Even Schubert, writing at the end of his brief life, defies precedent by writing a piece that, while it relies on conventional, even clichéd rhythms and motives, daringly remains in a harmonic and structural stasis, revealing that something new and vital arises when one disregards restrictive customs. Although classical composers such as Mozart and Haydn frequently composed music in the genre “notturno” in prior decades, their pieces portrayed the diverting social activities of an aristocratic courtly evening, whereas Schubert’s work is an entire stand-alone movement that captures the somber stillness of night.

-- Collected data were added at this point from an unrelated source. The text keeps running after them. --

(* Let $\sim_{\mathrm{NC}}$ be the equivalence relation on $S_n$ generated by $\sigma\sim_{\mathrm{NC}}\sigma s_i$ whenever $1\le i<n$ and $i\in\{\sigma(i),\sigma(i+1)\}$. Then the equivalence class of $\sim_{\mathrm{NC}}$ containing the identity is exactly $\mathrm{NC}_n$.
   Context: $s_i=(i,i+1)$ and $\sigma s_i=\sigma\circ s_i$. A set partition of $[n]$ is noncrossing if there are no distinct blocks $P,Q$ with $a,b\in P$, $c,d\in Q$, $a<c<b<d$. To a noncrossing partition associate $\sigma\in S_n$ acting on each block $\{a_1<\dots<a_p\}$ by $\sigma(a_j)=a_{j-1}$ ($j\ge2$), $\sigma(a_1)=a_p$; $\mathrm{NC}_n$ is the set of these (noncrossing) permutations. *)

(* [n] = {1..n} is represented by 'I_n = {0..n-1}
   (order-preserving shift by one). *)
From mathcomp Require Import all_boot all_fingroup.
From Stdlib Require Export Relation_Operators.

Set Implicit Arguments.
Unset Strict Implicit.
Unset Printing Implicit Defensive.

Local Open Scope group_scope.

Definition adj_swap (n : nat) (i : nat) (Hi : i.+1 < n) : 'S_n :=
  tperm (Ordinal (ltnW Hi)) (Ordinal Hi).

(* sigma \circ s_i : x |-> sigma (s_i x).  In mathcomp, (s * t) x = t (s x),
   so sigma \circ s_i = s_i * sigma. *)
Definition comp_swap (n : nat) (sigma : 'S_n) (i : nat) (Hi : i.+1 < n) : 'S_n :=
  adj_swap Hi * sigma.

Definition nc_step (n : nat) (sigma tau : 'S_n) : Prop :=
  exists (i : nat) (Hi : i.+1 < n),
    (Ordinal (ltnW Hi) = sigma (Ordinal (ltnW Hi)) \/
     Ordinal (ltnW Hi) = sigma (Ordinal Hi)) /\
    tau = comp_swap sigma Hi.

Definition nc_equiv (n : nat) : 'S_n -> 'S_n -> Prop :=
  clos_refl_sym_trans 'S_n (@nc_step n).

Definition noncrossing (n : nat) (P : {set {set 'I_n}}) : Prop :=
  forall B1 B2, B1 \in P -> B2 \in P -> B1 != B2 ->
    ~ exists a b c d : 'I_n,
        [/\ a \in B1, b \in B1, c \in B2, d \in B2 & (a < c < b) && (b < d)]%N.

(* Within a block B = {a_1 < ... < a_p} containing x:
   sigma(a_j) = a_{j-1} for j >= 2 and sigma(a_1) = a_p.
   [block_cycle B x y] says y is that image of x. *)
Definition block_cycle (n : nat) (B : {set 'I_n}) (x y : 'I_n) : Prop :=
  y \in B /\
  (if [exists z in B, (z < x)%N]
   then (y < x)%N /\ (forall z, z \in B -> (z < x)%N -> (z <= y)%N)
   else (forall z, z \in B -> (z <= y)%N)).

Conversely, the work of Scriabin pursues, with almost fanatical devotion, the questions surrounding mankind’s need to proceed from darkness to light. Upon reaching his mature years as an artist, he began to write a series of works that he believed would bring about a transformation of society, all of them unifying music with the idea of illumination. There is a common theme of prophetic revelation behind Scriabin’s choices of subject matter, from Prometheus and the theft of fire and the dawning of man’s consciousness and creativity, through the Poem of Ecstasy and the Divine Poem. Scriabin wrote, “Fire is light, life, struggle, increase, abundance, and thought.” Vers la flamme presents a vision of mankind rushing toward the flame of revelation, consumed by illumination, simultaneously an apotheosis and an apocalypse. Poet Konstantin Balmont, Scriabin’s friend and champion, wrote, “Scriabin is the singing of a falling moon. Starlight in music. A flame’s movement. A burst of sunlight. The cry of soul to soul… A singing illumination of the air itself, in which he himself is a captive child of the Gods… all his music is light itself.”

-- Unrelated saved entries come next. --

Lemma lam_ge_lower_const : large_lam N p <= lam ->
  half_pow p / 64 * Rpower (v r0) (p - 2) <= lam.
Proof.
  intro HL. apply Rnot_lt_le. intro Hlt. unfold large_lam in HL.
  set (a := half_pow p) in *.
  set (X := Rpower (v r0) (p - 2)) in *.
  set (D := damping_const N) in *.
  assert (Ha : 0 < a) by apply Rpower_pos.
  assert (HX : 0 < X) by apply Rpower_pos.
  assert (HL1 : 400 / 64 <= lam) by (eapply Rle_trans; [apply Rmax_l | exact HL]).
  assert (HL2 : 64 * D ^ 2 / a <= lam) by (eapply Rle_trans; [apply Rmax_r | exact HL]).
  assert (HaX : 64 * lam < a * X) by lra.
  assert (Hlam_X : lam / X < a / 64) by (apply Rlt_div_l; lra).
  assert (HD_s : D / sqrt X <= a / 64).
  { assert (Hs : 0 < sqrt X) by (apply sqrt_lt_R0; exact HX).
    assert (HD : 0 <= D) by (apply Rmult_le_pos; [apply dim_pred_nonneg | apply sqrt_pos]).
    assert (64 * D ^ 2 <= a * lam) by (apply Rle_div_l in HL2; lra).
    assert ((64 * D) ^ 2 < (a * sqrt X) ^ 2)
      by (rewrite !Rpow_mult_distr, pow2_sqrt by lra; nra).
    assert (0 < a * sqrt X) by nra.
    apply Rle_div_l; [exact Hs |]. nra. }
  assert (H := scaled_lam_damping_ge).
  assert (400 / a < X) by (apply Rlt_div_l; lra).
  fold a X D in H. lra.
Qed.

End RadialSolution.

Lemma radial_solution_ratio_bounds (N : nat) (p lam : R) (v : R -> R) :
  (1 <= N)%nat -> 2 < p -> 0 < lam -> radial_pos_solution N p lam v ->
  lam / Rpower (Linf_norm v) (p - 2) <= 1 /\
  (large_lam N p <= lam -> half_pow p / 64 <= lam / Rpower (Linf_norm v) (p - 2)).
Proof.
  intros HN Hp Hlam Hv.
  destruct (radial_max_exists N p lam v Hv) as [r0 [Hr0 Hmax]].
  rewrite (Linf_norm_max v r0 Hr0)
    by (intros r Hr; split; [now apply (radial_ode N p lam v Hv) | now apply Hmax]).
  assert (HX := Rpower_pos (v r0) (p - 2)).
  split.
  - apply (Rdiv_le_1 _ _ HX). now apply (lam_le_max_pow N p lam v).
  - intro HL. apply (Rle_div_r _ _ _ HX). now apply (lam_ge_lower_const N p lam v).
Qed.

Theorem lemma2p3 (N : nat) (p : R) (u : R -> R -> R)
  (HN : (2 <= N)%nat) (Hp : subcritical N p)
  (Hu : forall lam, 0 < lam -> radial_pos_solution N p lam (u lam)) :
  (* 0 < liminf_{lam -> +oo} lam / ||u_lam||_oo^(p-2) *)
  (exists c, 0 < c /\ exists L, forall lam, L <= lam ->
       c <= lam / Rpower (Linf_norm (u lam)) (p - 2)) /\
  (* limsup_{lam -> +oo} lam / ||u_lam||_oo^(p-2) <= 1 *)
  (forall eps, 0 < eps -> exists L, forall lam, L <= lam ->
       lam / Rpower (Linf_norm (u lam)) (p - 2) <= 1 + eps).
Proof.
  destruct Hp as [Hp _].
  assert (HN1 : (1 <= N)%nat) by lia.
  assert (Hbounds := fun lam Hlam =>
    radial_solution_ratio_bounds N p lam (u lam) HN1 Hp Hlam (Hu lam Hlam)).
  split.
  - exists (half_pow p / 64). split; [apply Rdiv_lt_0_compat; [apply Rpower_pos | lra] |].
    exists (large_lam N p). intros lam HL.
    assert (Hlam : 0 < lam) by (eapply Rlt_le_trans; [| exact HL]; unfold large_lam;
                                eapply Rlt_le_trans; [| apply Rmax_l]; lra).
    now apply (Hbounds lam Hlam).
  - intros eps Heps. exists 1. intros lam Hlam.
    destruct (Hbounds lam ltac:(lra)) as [Hle _]. lra.
Qed.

Although Schumann’s Piano Quartet follows the traditional four-movement scheme, each movement abounds with surprises of structure and content. Schumann begins his Piano Quartet in E-flat major with a soft prayer that leads to an outburst of sunshine. At the end of the exposition, there is a false repeat, as though we have returned to the beginning; however, instead of a classical repetition of what we have already heard, the exposition is replayed and recomposed as tragedy. Ultimately all is set right once again. The Scherzo commences with quiet but demonic intensity. The movement follows an unusual structure, with two different Trio sections, the first of which is contrapuntal, with overlapping descending lines. A second Trio overlays a new, syncopated idea onto the demonic scherzo eighth notes. In the Andante, a song-like verse is introduced in three-quarter time by the cello, then taken up by the violin and the rest of the ensemble. Subsequently, there is a key change as well as a rare meter change to common time for a more chordal texture. The initial theme returns, now wreathed in a garland of sixteenth notes. The Finale starts with a torrential flow of notes to begin an impetuous fugue that is anything but academic. Once again, Schumann follows an unusual structure by interpolating a lengthy legato section where the romantic spirit once again asserts itself. After cycling through several lyrical ideas, the spirited music returns and, with increasingly animated counterpoint, ends on a note of brilliant jubilation.